Magnitude patterns arise from Fourier transforms.

Bob Lansdon and Tom Hedges showed me magnitude patterns back at Calma in 1978. Tom had just finished a driver for the large-bed Versatec raster plotter. The plot was probably about 3 feet square and it was computed by using a 1024x1024 2D FFT of seven points evenly distributed about a circle. Bob had the program shade the magnitude of the result. FFTs work in the complex domain and by this he meant plotting for a+bi the result sqrt(a*a+b*b). Here to right you see a magnitude pattern. It is very much like a sort of puffy shape with black rivers wending and undulating through it.
Perhaps we can see the convolutions of a human brain in it. When you notch higher frequencies, you get patterns that may include flowers, lines of beads, and really all sorts of symmetries. I got to thinking that I might be able to show the patterns more effectively, and so I decided to render the magnitude pattern to a texture and back to an FFT, moving to to the real channel of the data. Then I highpassed the result to remove the wide range of the bias. Once that  was done, I then transferred it back to a texture and annealed it to reveal all the patterns in a much higher-contrast format.
Lines, beads, and strange patterns kind of like those we see in the convection patterns of the solar surface begin to appear.

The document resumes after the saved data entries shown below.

Definition lipschitz_cost d (aub L : R) (c : cost_fn d) : Prop :=
  forall (x x' u u' : 'cV[R]_d),
    in_simplex x -> in_simplex x' -> valid_control aub u -> valid_control aub u' ->
    `|c x u - c x' u'| <= L * (norm1 (x - x') + norm1 (u - u')).

Definition lds_step d (A B : 'M[R]_d) (x u w : 'cV[R]_d) (g : R) : 'cV[R]_d :=
  (1 - g) *: ((1 - norm1 u) *: (A *m x) + B *m u) + g *: w.

(* Time is 0-indexed: x1 is the state at index 0,
   g t, w t, c t are gamma_{t+1}, w_{t+1}, c_{t+1}. *)
Definition valid_lds d (aub L : R) (A B : 'M[R]_d) (x1 : 'cV[R]_d)
    (g : nat -> R) (w : nat -> 'cV[R]_d) (c : nat -> cost_fn d) : Prop :=
  col_stochastic A /\ col_stochastic B /\ in_simplex x1 /\
  (forall t, 0 <= g t <= 1) /\ (forall t, in_simplex (w t)) /\
  (forall t, convex_cost aub (c t)) /\ (forall t, lipschitz_cost aub L (c t)).

(* A deterministic online policy: at (0-indexed) time t it sees the states
   x_0..x_t, its past controls u_0..u_{t-1}, the realized g_0..g_{t-1} and the
   revealed cost functions c_0..c_{t-1}, and outputs u_t. *)
Definition policy d :=
  nat -> seq 'cV[R]_d -> seq 'cV[R]_d -> seq R -> seq (cost_fn d) -> 'cV[R]_d.

(* An algorithm: on input (d, A, B, I (given by aub), T) returns a policy. *)
Definition algorithm := forall d : nat, 'M[R]_d -> 'M[R]_d -> R -> nat -> policy d.

Section Run.
Variables (d : nat) (pol : policy d) (A B : 'M[R]_d) (x1 : 'cV[R]_d)
  (g : nat -> R) (w : nat -> 'cV[R]_d) (c : nat -> cost_fn d).

(* (x_0..x_t, u_0..u_{t-1}) *)
Fixpoint run (t : nat) : seq 'cV[R]_d * seq 'cV[R]_d :=
  match t with
  | 0 => ([:: x1], [::])
  | t'.+1 =>
      let: (xs, us) := run t' in
      let xt := last x1 xs in
      let ut := pol t' xs us (map g (iota 0 t')) (map c (iota 0 t')) in
      (rcons xs (lds_step A B xt ut (w t') (g t')), rcons us ut)
  end.
(* For trees $(n,s,L)$ and $(n,s',L')$, we have $(n,s,L)\sim(n,s',L')$ if and only if there exists a permutation $\sigma$ of $\{1,\dots,n\}$ such that $\sigma(L)=L'$ and $s'(\sigma(i))=\sigma(s(i))$ for all $i\in\{1,\dots,n-1\}$.
   Context: For $n\ge1$ write $\underline n=\{1,\dots,n\}$. A tree $(n,s,L)$ consists of $L\subseteq\underline n$ and a map $s:\underline{n-1}\to\underline n\setminus L$ with $s(x)>x$ for all $x$, and ($x\le y<s(x)\Rightarrow s(y)\le s(x)$). If $n\notin L$ and $\{k_1<\dots<k_m\}=s^{-1}(n)$, $k_0=0$, $n_i=k_i-k_{i-1}$, the successor trees of $(n,s,L)$ are the trees $(n_i,s_i,L_i)$, $i=1,\dots,m$, with $s_i(j)=s(j+k_{i-1})-k_{i-1}$ and $L_i=\{x-k_{i-1}\mid x\in L\}\cap\underline{n_i}$. For a permutation $\tau$ of $\underline m$, $(n,s^\tau,L^\tau)$ denotes the unique tree (with non-leaf root $n$) whose sequence of successor trees is $(n_{\tau(1)},s_{\tau(1)},L_{\tau(1)}),\dots,(n_{\tau(m)},s_{\tau(m)},L_{\tau(m)})$. The relation $\sim$ is the smallest equivalence relation on trees such that (i) $(n,s,L)\sim(n,s^\tau,L^\tau)$ for every applicable permutation $\tau$, and (ii) if $(n,s,L)$ and $(n',s',L')$ have successor tree sequences $(n_1,s_1,L_1),\dots,(n_m,s_m,L_m)$ and $(n_1,s'_1,L'_1),\dots,(n_m,s'_m,L'_m)$ with $(n_i,s_i,L_i)\sim(n_i,s'_i,L'_i)$ for all $i$, then $(n,s,L)\sim(n',s',L')$. *)

From mathcomp Require Import all_boot all_fingroup.
Set Implicit Arguments. Unset Strict Implicit. Unset Printing Implicit Defensive.

(* The map s : {1..n-1} -> {1..n} is represented by a
   function nat -> nat which is required to be 0 outside {1..n-1}; the set
   L subset of {1..n} is represented by its characteristic function. *)
Record tree := Tree { tn : nat; ts : nat -> nat; tL : nat -> bool }.

Definition is_tree (t : tree) : Prop :=
  let: Tree n s L := t in
  [/\ 1 <= n,
      (forall x, 1 <= x <= n.-1 -> x < s x <= n /\ ~~ L (s x)),
      (forall x, ~~ (1 <= x <= n.-1) -> s x = 0),
      (forall x, L x -> 1 <= x <= n) &
      (forall x y, 1 <= x <= y -> y < s x -> s y <= s x)].

Definition kseq (t : tree) : seq nat :=
  [seq k <- iota 1 (tn t).-1 | ts t k == tn t].

(* The successor tree between k_{i-1} = k0 and k_i = k1. *)
Definition sub_tree (t : tree) (k0 k1 : nat) : tree :=
  Tree (k1 - k0)
       (fun j => if 1 <= j < k1 - k0 then ts t (j + k0) - k0 else 0)
       (fun x => (1 <= x <= k1 - k0) && tL t (x + k0)).

(* The sequence of successor trees (meaningful when n is not in L). *)
Definition succs (t : tree) : seq tree :=
  let ks := kseq t in [seq sub_tree t p.1 p.2 | p <- zip (0 :: ks) ks].

(* Grafting a sequence of trees under a new (non-leaf) root:
   the unique tree with non-leaf root whose successor trees are the given ones. *)
Fixpoint graft_s (us : seq tree) (N o x : nat) : nat :=
  match us with
  | [::] => 0
  | u :: us' =>
      if x <= o + tn u then (if x == o + tn u then N else o + ts u (x - o))
      else graft_s us' N (o + tn u) x
  end.

Fixpoint graft_L (us : seq tree) (o x : nat) : bool :=
  match us with
  | [::] => false
  | u :: us' =>
      if x <= o + tn u then (o < x) && tL u (x - o)
      else graft_L us' (o + tn u) x
  end.

Definition graft (us : seq tree) : tree :=
  let N := (sumn [seq tn u | u <- us]).+1 in
  Tree N (fun x => if 1 <= x < N then graft_s us N 0 x else 0)
         (fun x => (1 <= x < N) && graft_L us 0 x).

Definition dummy_tree : tree := Tree 1 (fun _ => 0) (fun _ => false).

Definition perm_tree (t : tree) (tau : {perm 'I_(size (succs t))}) : tree :=
  graft [seq nth dummy_tree (succs t) (tau i) | i <- enum 'I_(size (succs t))].

Inductive sim : tree -> tree -> Prop :=
| sim_refl t : is_tree t -> sim t t
| sim_sym t u : sim t u -> sim u t
| sim_trans t u v : sim t u -> sim u v -> sim t v
| sim_perm t (tau : {perm 'I_(size (succs t))}) :
    is_tree t -> ~~ tL t (tn t) -> sim t (perm_tree tau)
| sim_cong t u :
    is_tree t -> is_tree u -> ~~ tL t (tn t) -> ~~ tL u (tn u) ->
    size (succs t) = size (succs u) ->
    (forall i, i < size (succs t) ->
       tn (nth dummy_tree (succs t) i) = tn (nth dummy_tree (succs u) i) /\
       sim (nth dummy_tree (succs t) i) (nth dummy_tree (succs u) i)) ->
    sim t u.

From mathcomp Require Import all_boot all_fingroup zify.
From Stdlib Require Import FunctionalExtensionality IndefiniteDescription.
Set Implicit Arguments. Unset Strict Implicit. Unset Printing Implicit Defensive.

(* Both directions go through [tree_iso]: relabelling by a permutation σ of
   {1..n} that carries leaves to leaves and commutes with the successor
   maps.  A tree whose root is not a leaf is the graft of its successor
   trees, which occupy consecutive blocks of {1..n-1}.
   Each generator of [sim] is realised by such a σ, since reordering the
   successor trees, or relabelling each of them, relabels the graft.
   Conversely σ fixes the root.  As it commutes with s, it sends the top of
   a block (the point from which s reaches the root) to the top of a block,
   and the iterates of s carry every point of a block to its top; hence σ
   maps blocks onto blocks.  This gives a permutation ρ of the successor
   trees and isomorphisms between matching ones; reordering by ρ, then
   congruence and induction on n, yield [sim]. *)

(** * Forests laid out in consecutive blocks *)

Definition forest_size (us : seq tree) : nat := sumn [seq tn u | u <- us].

Notation tree_at us i := (nth dummy_tree us i).

(* Tree [i] of [us] occupies the points [offset us i + 1 .. offset us i +
   tn (tree_at us i)], and [block us x] is the index of the tree owning [x]. *)
Fixpoint offset (us : seq tree) (i : nat) : nat :=
  match us, i with
  | u :: us', i'.+1 => tn u + offset us' i'
  | _, _ => 0
  end.

Fixpoint block (us : seq tree) (x : nat) : nat :=
  match us with
  | [::] => 0
  | u :: us' => if x <= tn u then 0 else (block us' (x - tn u)).+1
  end.

Lemma forest_size_cons u us : forest_size (u :: us) = tn u + forest_size us.
Proof. by []. Qed.

Lemma graft_s_offset us N o i y : i < size us -> 1 <= y <= tn (tree_at us i) ->
  graft_s us N o (o + offset us i + y) =
  if y == tn (tree_at us i) then N else o + offset us i + ts (tree_at us i) y.
Proof.
elim: us o i => [|u us IH] o [|i] //= Hi Hy.
- by rewrite addn0 leq_add2l (proj2 (andP Hy)) eqn_add2l addKn.
- have -> : (o + (tn u + offset us i) + y <= o + tn u) = false by lia.
  by rewrite !addnA IH.
Qed.

Lemma graft_L_offset us o i y : i < size us -> 1 <= y <= tn (tree_at us i) ->
  graft_L us o (o + offset us i + y) = tL (tree_at us i) y.
Proof.
elim: us o i => [|u us IH] o [|i] //= Hi Hy.
- rewrite addn0 leq_add2l (proj2 (andP Hy)) addKn.
  by have -> : o < o + y by lia.
- have -> : (o + (tn u + offset us i) + y <= o + tn u) = false by lia.
  by rewrite !addnA IH.
Qed.

Lemma block_offset us i y : i < size us -> 1 <= y <= tn (tree_at us i) ->
  block us (offset us i + y) = i.
Proof.
elim: us i => [|u us IH] [|i] //= Hi Hy.
- by rewrite (proj2 (andP Hy)).
- have -> : (tn u + offset us i + y <= tn u) = false by lia.
  by rewrite -addnA addKn IH.
Qed.

Lemma offset_bound us i : i < size us ->
  offset us i + tn (tree_at us i) <= forest_size us.
Proof.
elim: us i => [|u us IH] [|i] //= Hi; rewrite forest_size_cons; first lia.
by have := IH i Hi; lia.
Qed.

Lemma block_bounds us x : 1 <= x <= forest_size us ->
  block us x < size us /\
  offset us (block us x) < x <= offset us (block us x) + tn (tree_at us (block us x)).
Proof.
elim: us x => [|u us IH] x /=; first by rewrite /forest_size /=; lia.
rewrite forest_size_cons => Hx; case: ifP => Hxu /=; first by lia.
by have := IH (x - tn u) ltac:(lia); lia.
Qed.

Lemma forest_pointP us x : 1 <= x <= forest_size us ->
  exists i y, [/\ i < size us, 1 <= y <= tn (tree_at us i) & x = offset us i + y].
Proof.
move=> Hx; have [Hb Hxb] := block_bounds Hx.
by exists (block us x), (x - offset us (block us x)); split => //; lia.
Qed.

Lemma graft_pointP us x : 1 <= x <= (forest_size us).+1 ->
  x = (forest_size us).+1 \/
  exists i y, [/\ i < size us, 1 <= y <= tn (tree_at us i) & x = offset us i + y].
Proof.
move=> Hx; case: (ltnP x (forest_size us).+1) => H; last by left; lia.
by right; apply: forest_pointP; lia.
Qed.

Section TreeAxioms.
Variable t : tree.
Hypothesis Ht : is_tree t.

Lemma tree_n_gt0 : 1 <= tn t. Proof. by case: t Ht => n s L [] /=. Qed.

Lemma tree_s_bounds x : 1 <= x <= (tn t).-1 -> x < ts t x <= tn t.
Proof. by case: t Ht => n s L [] /= _ H *; case: (H x). Qed.

Lemma tree_s_nonleaf x : 1 <= x <= (tn t).-1 -> ~~ tL t (ts t x).
Proof. by case: t Ht => n s L [] /= _ H *; case: (H x). Qed.

Lemma tree_s_out x : ~~ (1 <= x <= (tn t).-1) -> ts t x = 0.
Proof. by case: t Ht => n s L [] /= _ _ H *; apply: H. Qed.

Lemma tree_L_bounds x : tL t x -> 1 <= x <= tn t.
Proof. by case: t Ht => n s L [] /= _ _ _ H *; apply: H. Qed.

Lemma tree_s_nested x y : 1 <= x <= y -> y < ts t x -> ts t y <= ts t x.
Proof. by case: t Ht => n s L [] /= _ _ _ _ H *; apply: H. Qed.

Lemma tree_s_le x : ts t x <= tn t.
Proof.
case: (boolP (1 <= x <= (tn t).-1)) => H; first by case/andP: (tree_s_bounds H).
by rewrite tree_s_out.
Qed.

Lemma tree_root_leaf : tL t (tn t) -> tn t = 1.
Proof.
move=> HL; have Hn := tree_n_gt0; case: (ltnP 1 (tn t)) => H; last lia.
have Hs := tree_s_bounds (x := (tn t).-1) ltac:(lia).
have := tree_s_nonleaf (x := (tn t).-1) ltac:(lia).
have -> : ts t (tn t).-1 = tn t by lia.
by rewrite HL.
Qed.

End TreeAxioms.

Lemma is_treeI t : 1 <= tn t ->
  (forall x, 1 <= x <= (tn t).-1 -> x < ts t x <= tn t /\ ~~ tL t (ts t x)) ->
  (forall x, ~~ (1 <= x <= (tn t).-1) -> ts t x = 0) ->
  (forall x, tL t x -> 1 <= x <= tn t) ->
  (forall x y, 1 <= x <= y -> y < ts t x -> ts t y <= ts t x) -> is_tree t.
Proof. by case: t => n s L *; split. Qed.

Lemma tree_ext a b : tn a = tn b -> ts a =1 ts b -> tL a =1 tL b -> a = b.
Proof.
case: a => n1 s1 L1; case: b => n2 s2 L2 /= -> Hs HL.
by congr Tree; apply: functional_extensionality.
Qed.

Definition all_trees (us : seq tree) : Prop :=
  forall i, i < size us -> is_tree (tree_at us i).

Lemma all_trees_cons u us : all_trees (u :: us) -> is_tree u /\ all_trees us.
Proof. by move=> H; split => [|i Hi]; [apply: (H 0) | apply: (H i.+1)]. Qed.

Lemma tn_graft us : tn (graft us) = (forest_size us).+1.
Proof. by []. Qed.

Lemma ts_graft us x : ts (graft us) x =
  if 1 <= x < (forest_size us).+1 then graft_s us (forest_size us).+1 0 x else 0.
Proof. by []. Qed.

Lemma tL_graft us x :
  tL (graft us) x = (1 <= x < (forest_size us).+1) && graft_L us 0 x.
Proof. by []. Qed.

Lemma ts_graft_offset us i y : i < size us -> 1 <= y <= tn (tree_at us i) ->
  ts (graft us) (offset us i + y) =
  if y == tn (tree_at us i) then (forest_size us).+1
  else offset us i + ts (tree_at us i) y.
Proof.
move=> Hi Hy; rewrite ts_graft.
have Hb := offset_bound Hi; have -> : 1 <= offset us i + y < (forest_size us).+1 by lia.
by have := graft_s_offset (forest_size us).+1 0 Hi Hy; rewrite add0n.
Qed.

Lemma tL_graft_offset us i y : i < size us -> 1 <= y <= tn (tree_at us i) ->
  tL (graft us) (offset us i + y) = tL (tree_at us i) y.
Proof.
move=> Hi Hy; rewrite tL_graft.
have Hb := offset_bound Hi; have -> : 1 <= offset us i + y < (forest_size us).+1 by lia.
by have := graft_L_offset 0 Hi Hy; rewrite add0n.
Qed.

Section GraftIsTree.
Variable us : seq tree.
Hypothesis Hus : all_trees us.

Lemma ts_graft_le x : ts (graft us) x <= (forest_size us).+1.
Proof.
case: (boolP (1 <= x <= forest_size us)) => Hx; last first.
  by rewrite ts_graft; case: ifP => //; lia.
have [i [y [Hi Hy ->]]] := forest_pointP Hx.
rewrite ts_graft_offset //; have := offset_bound Hi.
by case: eqP => // _; have := tree_s_le (Hus Hi) y; lia.
Qed.

Lemma graft_s_bounds x : 1 <= x <= forest_size us ->
  x < ts (graft us) x <= (forest_size us).+1 /\ ~~ tL (graft us) (ts (graft us) x).
Proof.
move=> /forest_pointP [i [y [Hi Hy ->]]].
rewrite ts_graft_offset //; have Hb := offset_bound Hi; case: eqP => Hya.
  by split; [lia | rewrite tL_graft ltnn andbF].
have Hy' : 1 <= y <= (tn (tree_at us i)).-1 by lia.
have Hs := tree_s_bounds (Hus Hi) Hy'; have HL := tree_s_nonleaf (Hus Hi) Hy'.
by split; [lia | rewrite tL_graft_offset //; lia].
Qed.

I really don't have any idea why these patterns are like this, save for one simple explanation. They are the magnitude patterns of a notch-filtered texture. This texture has really only one frequency of data in it, which makes it ring on only one wavelength. So the patterns are like waves on a pool with several disturbance points, all adding up to a chaotic, but highly band-limited pattern.

Here you see the real component of the magnitude pattern at the top of this page. The dots are all in the same place, but the dark spots and the light spots in this version are both represented by light spots in the magnitude pattern. This is because the FFT, with its negative and positive values, was normalized to the black-white tonal range for display. Thus the dark spots are actually negative values and the light spots are positive. And both the negative and positive values have positive magnitude.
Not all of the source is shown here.